AddSource creates a new ClickHouse client connection based on the source details, applies existing hooks, stores it in the manager pool, and initializes health. Modified to always create a client entry even if initial connection fails.

func (*Manager) Close

func (m *Manager) Close() error

Close iterates through all managed client connections and closes them, with a timeout for each client to prevent hanging on unhealthy connections. It also stops the background health checker and waits for it to complete.

func (*Manager) CreateTemporaryClient

func (m *Manager) CreateTemporaryClient(ctx context.Context, source *models.Source) (*Client, error)

CreateTemporaryClient creates a new, unmanaged ClickHouse client instance, typically used for validating connection details before adding a source. The caller is responsible for closing the returned client.

func (*Manager) GetCachedHealth

func (m *Manager) GetCachedHealth(sourceID models.SourceID) models.SourceHealth

GetCachedHealth retrieves the latest known health status for a source ID from the cache. Returns a default unhealthy status if the source hasn't been checked yet.

func (*Manager) GetClient

func (m *Manager) GetClient(sourceID models.SourceID) (*Client, error)

GetClient is an alias for GetConnection for potential backward compatibility.

func (*Manager) GetConnection

func (m *Manager) GetConnection(sourceID models.SourceID) (*Client, error)

GetConnection returns the managed client connection for a given source ID. Returns ErrSourceNotConnected if the source is not currently managed.

func (*Manager) GetHealth

func (m *Manager) GetHealth(ctx context.Context, sourceID models.SourceID) models.SourceHealth

GetHealth performs a LIVE health check on a specific source and updates the cache. Deprecated: Use GetCachedHealth for regular status checks. Use this only if an immediate, live check is explicitly required.

func (*Manager) RemoveSource

func (m *Manager) RemoveSource(sourceID models.SourceID) error

RemoveSource closes the connection for the given source ID and removes it from the manager.

func (*Manager) StartBackgroundHealthChecks

func (m *Manager) StartBackgroundHealthChecks(interval time.Duration)

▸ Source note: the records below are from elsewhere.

Lemma alternating_proper p : uniq p -> alternating (fun x y => col [set x; y]) p ->
  proper_tree col (edge_set p).
Proof.
elim: p => [|x [|y r] IH] up altp; try by move=> e1; rewrite edge_set_le1 ?inE.
have /andP[xr uyr] := up.
have new_edge E : E \in edge_set (y :: r) -> E :&: [set x; y] != set0 ->
    col [set x; y] != col E.
  move=> Er /set0Pn[w]; rewrite !inE => /andP[wE /orP[] /eqP ew]; subst w.
    by have := subsetP (edge_set_sub Er) x wE; rewrite inE (negPf xr).
  have [z [r' [rE ->]]] := edge_set_head uyr Er wE.
  by move: altp; rewrite rE alternating_cons3 => /andP[].
move=> e1 e2; rewrite edge_set_cons2 !in_setU1.
case/orP=> [/eqP -> | e1r] /orP[/eqP -> | e2r]; first by rewrite eqxx.
- by move=> _; rewrite setIC; apply: new_edge.
- by move=> _ meet; rewrite eq_sym; apply: new_edge.
- exact: IH (alternating_behead altp) _ _ e1r e2r.
Qed.

Lemma disjoint_alternating_paths_trees S p1 p2 : S != [::] ->
  disjoint_alternating_paths (fun x y => col [set x; y]) S p1 p2 ->
  has_disjoint_proper_S_trees (fun x y : T => x != y) col [set x in S] 2.
Proof.
move=> S0 /and5P[u1 u2 a1 a2 /and4P[S1 S2 i12 ed]].
have nonempty (q : seq T) : all (mem q) S -> q != [::].
  by case: S S0 {S1 S2 i12} => // x S' _ /andP[]; case: q.
have tree q : uniq q -> all (mem q) S -> is_tree (fun x y : T => x != y) [set x in q] (edge_set q).
  by move=> uq Sq; apply: path_is_tree; rewrite ?nonempty ?uniq_sorted_neq.
have disj : [disjoint edge_set p1 & edge_set p2].
  rewrite -setI_eq0; apply/eqP/setP => E; rewrite !inE; apply/negP => /andP[].
  case/imsetP=> e ep -> /imsetP[f fp /set2_same_edge ef].
  by case/negP: ed; apply/hasP; exists e => //; apply/hasP; exists f.
have meet : [set x in p1] :&: [set x in p2] = [set x in S].
  apply/setP => x; rewrite !inE; apply/andP/idP => [[x1 x2] | xS].
    by have := implyP (allP i12 x x1); apply.
  by rewrite (allP S1 x xS : x \in p1) (allP S2 x xS : x \in p2).
exists (fun i : 'I_2 => if i == ord0 then [set x in p1] else [set x in p2]),
       (fun i : 'I_2 => if i == ord0 then edge_set p1 else edge_set p2).
split.
- by move=> i; case: ifP => _; apply: tree.
- by move=> i; case: ifP => _; apply/subsetP => x; rewrite !inE; apply: allP.
- by move=> i; case: ifP => _; apply: alternating_proper.
- by case=> [[|[|?]] ?] [[|[|?]] ?] //= _; rewrite disjoint_sym.
- by case=> [[|[|?]] ?] [[|[|?]] ?] //= _; rewrite setIC.
Qed.

End PathTrees.

Section LowerBound.
Variable T : finType.

Lemma matching_connect (E : {set {set T}}) x y :
  {in E &, forall e1 e2, e1 != e2 -> e1 :&: e2 = set0} ->
  connect (erel E) x y -> (y == x) || ([set x; y] \in E).
Proof.
move=> matching; set P := fun v => (v == x) || ([set x; v] \in E).
have step u v : P u -> erel E u v -> P v.
  rewrite /P /erel => /orP[/eqP -> xv | xu uv]; first by rewrite xv orbT.
  have [uvE | ne] := eqVneq [set x; u] [set u; v].
    by have := set22 u v; rewrite -uvE => /set2P[] ->; rewrite ?eqxx ?xu ?orbT.
  by have /setP/(_ u) := matching _ _ xu uv ne; rewrite !inE !eqxx orbT.
suff along u p : P u -> path (erel E) u p -> P (last u p).
  by case/connectP=> p xp ->; apply: along xp; rewrite /P eqxx.
elim: p u => [|z p IH] u Pu //= /andP[uz zp].
exact: IH (step _ _ Pu uz) zp.
Qed.

Lemma monochromatic_tree_card (adj : rel T) c (col : coloring T c) V E :
  (forall e1 e2, col e1 = col e2) -> is_tree adj V E -> proper_tree col E ->
  #|V| <= 2.
Proof.
move=> mono [_ _ V0 conn _] prop.
have matching : {in E &, forall e1 e2, e1 != e2 -> e1 :&: e2 = set0}.
  move=> e1 e2 e1E e2E ne; apply/eqP/negPn/negP => meet.
  by have := prop _ _ e1E e2E ne meet; rewrite (mono e1 e2) eqxx.
have /set0Pn[x xV] := V0.
have nbr z : z \in V -> (z == x) || ([set x; z] \in E).
  by move=> zV; apply: matching_connect matching (conn _ _ xV zV).
suff [y Vxy] : exists y, V \subset [set x; y].
  by rewrite (leq_trans (subset_leq_card Vxy)) // cards2 ltnS leq_b1.
case: (pickP (mem (V :\ x))) => [y | none]; last first.
  exists x; apply/subsetP => z zV; have := none z.
  by rewrite !inE zV andbT orbb => /negbFE.
rewrite !inE => /andP[yx yV]; exists y; apply/subsetP => z zV.
have xyE : [set x; y] \in E by move: (nbr y yV); rewrite (negPf yx).
have [-> | zx] := eqVneq z x; first exact: set21.
have xzE : [set x; z] \in E by move: (nbr z zV); rewrite (negPf zx).
have [-> | zy] := eqVneq z y; first exact: set22.
have ne : [set x; z] != [set x; y].
  apply: contraNneq zy => e; have := set22 x z.
  by rewrite e => /set2P[/eqP | ->]; rewrite ?(negPf zx).
by have /setP/(_ x) := matching _ _ xzE xyE ne; rewrite !inE !eqxx.
Qed.

Lemma kl_proper_coloring_ge2 (adj : rel T) k l c (col : coloring T c) :
  2 < k <= #|T| -> 0 < l -> kl_proper_coloring adj k l col -> 1 < c.
Proof.
case/andP=> k3 kT l0 klcol.
pose S := [set x in take k (enum T)].
have cardS : #|S| = k.
  by rewrite cardsE (card_uniqP _) ?take_uniq ?enum_uniq // size_takel // -cardE.
have [V [E [tree SV prop _ _]]] := klcol S cardS.
case: c col {klcol} V E tree SV prop => [|[|c]] col V E tree SV prop //.
  by case: (col set0).
have mono e1 e2 : col e1 = col e2 by rewrite (ord1 (col e1)) (ord1 (col e2)).
pose i := Ordinal l0.
have := leq_trans (subset_leq_card (SV i)) (monochromatic_tree_card mono (tree i) (prop i)).
by rewrite cardS leqNgt k3.
Qed.

End LowerBound.

Definition kind (v : nat) : nat := minn v 4.

Definition red_kinds (i j : nat) : bool :=
  if (i == 4) || (j == 4) then i != j
  else (minn i j, maxn i j) \in [:: (0, 1); (1, 2); (0, 3)].

Definition red (u v : nat) : bool := red_kinds (kind u) (kind v).

Lemma red_kinds_sym i j : red_kinds i j = red_kinds j i.
Proof. by rewrite /red_kinds orbC (eq_sym j i) minnC maxnC. Qed.

Lemma red_sym u v : red u v = red v u.
Proof. exact: red_kinds_sym. Qed.

Definition two_color (b : bool) : 'I_2 := if b then ord_max else ord0.

Definition Kn_coloring n : coloring 'I_n 2 :=
  fun e => two_color [exists x, exists y, (e == [set x; y]) && red x y].

Lemma Kn_coloring_set2 n (x y : 'I_n) : Kn_coloring [set x; y] = two_color (red x y).
Proof.
rewrite /Kn_coloring; congr two_color; apply/existsP/idP => [[a /existsP[b]] | xy].
  case/andP=> /eqP /esym /set2_same_edge.
  by rewrite /same_edge !xpair_eqE /= => /orP[]/andP[/eqP -> /eqP ->]; rewrite // red_sym.
by exists x; apply/existsP; exists y; rewrite eqxx.
Qed.

Definition witness_table : seq (seq nat * (seq nat * seq nat)) := [::
  ([:: 0; 1; 2], ([:: 1; 0; 2], [:: 0; 3; 1; 2]));
  ([:: 0; 1; 3], ([:: 0; 1; 3], [:: 0; 3; 2; 1]));
  ([:: 0; 1; 4], ([:: 0; 1; 3; 4], [:: 1; 2; 0; 4]));
  ([:: 0; 1; 5], ([:: 0; 1; 3; 5], [:: 1; 2; 0; 5]));
  ([:: 0; 1; 6], ([:: 0; 1; 3; 6], [:: 1; 2; 0; 6]));
  ([:: 0; 2; 3], ([:: 0; 3; 2], [:: 0; 2; 1; 3]));
  ([:: 0; 2; 4], ([:: 2; 0; 4], [:: 0; 3; 2; 4]));
  ([:: 0; 2; 5], ([:: 2; 0; 5], [:: 0; 3; 2; 5]));
  ([:: 0; 2; 6], ([:: 2; 0; 6], [:: 0; 3; 2; 6]));
  ([:: 0; 3; 4], ([:: 0; 1; 3; 4], [:: 0; 3; 2; 4]));
  ([:: 0; 3; 5], ([:: 0; 1; 3; 5], [:: 0; 3; 2; 5]));
  ([:: 0; 3; 6], ([:: 0; 1; 3; 6], [:: 0; 3; 2; 6]));
  ([:: 0; 4; 5], ([:: 0; 4; 5], [:: 4; 2; 0; 5]));
  ([:: 0; 4; 6], ([:: 0; 4; 6], [:: 4; 2; 0; 6]));
  ([:: 0; 5; 6], ([:: 0; 5; 6], [:: 5; 2; 0; 6]));
  ([:: 1; 2; 3], ([:: 1; 2; 3], [:: 1; 3; 0; 2]));
  ([:: 1; 2; 4], ([:: 1; 0; 2; 4], [:: 1; 2; 3; 4]));
  ([:: 1; 2; 5], ([:: 1; 0; 2; 5], [:: 1; 2; 3; 5]));
  ([:: 1; 2; 6], ([:: 1; 0; 2; 6], [:: 1; 2; 3; 6]));
  ([:: 1; 3; 4], ([:: 3; 1; 4], [:: 1; 2; 3; 4]));
  ([:: 1; 3; 5], ([:: 3; 1; 5], [:: 1; 2; 3; 5]));
  ([:: 1; 3; 6], ([:: 3; 1; 6], [:: 1; 2; 3; 6]));
  ([:: 1; 4; 5], ([:: 1; 4; 5], [:: 4; 3; 1; 5]));
  ([:: 1; 4; 6], ([:: 1; 4; 6], [:: 4; 3; 1; 6]));
  ([:: 1; 5; 6], ([:: 1; 5; 6], [:: 5; 3; 1; 6]));
  ([:: 2; 3; 4], ([:: 2; 3; 4], [:: 3; 0; 2; 4]));
  ([:: 2; 3; 5], ([:: 2; 3; 5], [:: 3; 0; 2; 5]));
  ([:: 2; 3; 6], ([:: 2; 3; 6], [:: 3; 0; 2; 6]));
  ([:: 2; 4; 5], ([:: 2; 4; 5], [:: 4; 0; 2; 5]));
  ([:: 2; 4; 6], ([:: 2; 4; 6], [:: 4; 0; 2; 6]));
  ([:: 2; 5; 6], ([:: 2; 5; 6], [:: 5; 0; 2; 6]));
  ([:: 3; 4; 5], ([:: 3; 4; 5], [:: 4; 1; 3; 5]));
  ([:: 3; 4; 6], ([:: 3; 4; 6], [:: 4; 1; 3; 6]));
  ([:: 3; 5; 6], ([:: 3; 5; 6], [:: 5; 1; 3; 6]));
  ([:: 4; 5; 6], ([:: 4; 0; 2; 5; 6], [:: 4; 5; 1; 3; 6]))].

Definition witness (m : seq nat) : seq nat * seq nat :=
  (nth ([::], ([::], [::])) witness_table
     (find (fun w => perm_eq w.1 m) witness_table)).2.

Definition model_color (u v : nat) : 'I_2 := two_color (red u v).

Definition witness_valid (m : seq nat) : bool :=
  let w := witness m in
  disjoint_alternating_paths model_color m w.1 w.2 && all (mem (iota 0 4 ++ m)) (w.1 ++ w.2).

StartBackgroundHealthChecks launches a goroutine to periodically check the health of all managed connections. nolint:contextcheck // Background goroutine intentionally uses its own context

func (*Manager) StopBackgroundHealthChecks

func (m *Manager) StopBackgroundHealthChecks()

StopBackgroundHealthChecks signals the health check goroutine to stop.

type QueryBuilder

type QueryBuilder struct {
	// contains filtered or unexported fields
}

QueryBuilder assists in building and validating ClickHouse SQL queries.

func NewExtendedQueryBuilder added in v1.2.0

func NewExtendedQueryBuilder(tableName string, maxLimit int) *QueryBuilder

NewExtendedQueryBuilder creates a QueryBuilder that allows any SELECT query. Only validates that the query is a SELECT statement (not INSERT/DELETE/UPDATE). The ClickHouse connection permissions are the real security boundary.

func NewQueryBuilder

func NewQueryBuilder(tableName string, maxLimit int) *QueryBuilder

NewQueryBuilder creates a new QueryBuilder for restricted mode. This validates that queries target the specified table and blocks JOINs/subqueries.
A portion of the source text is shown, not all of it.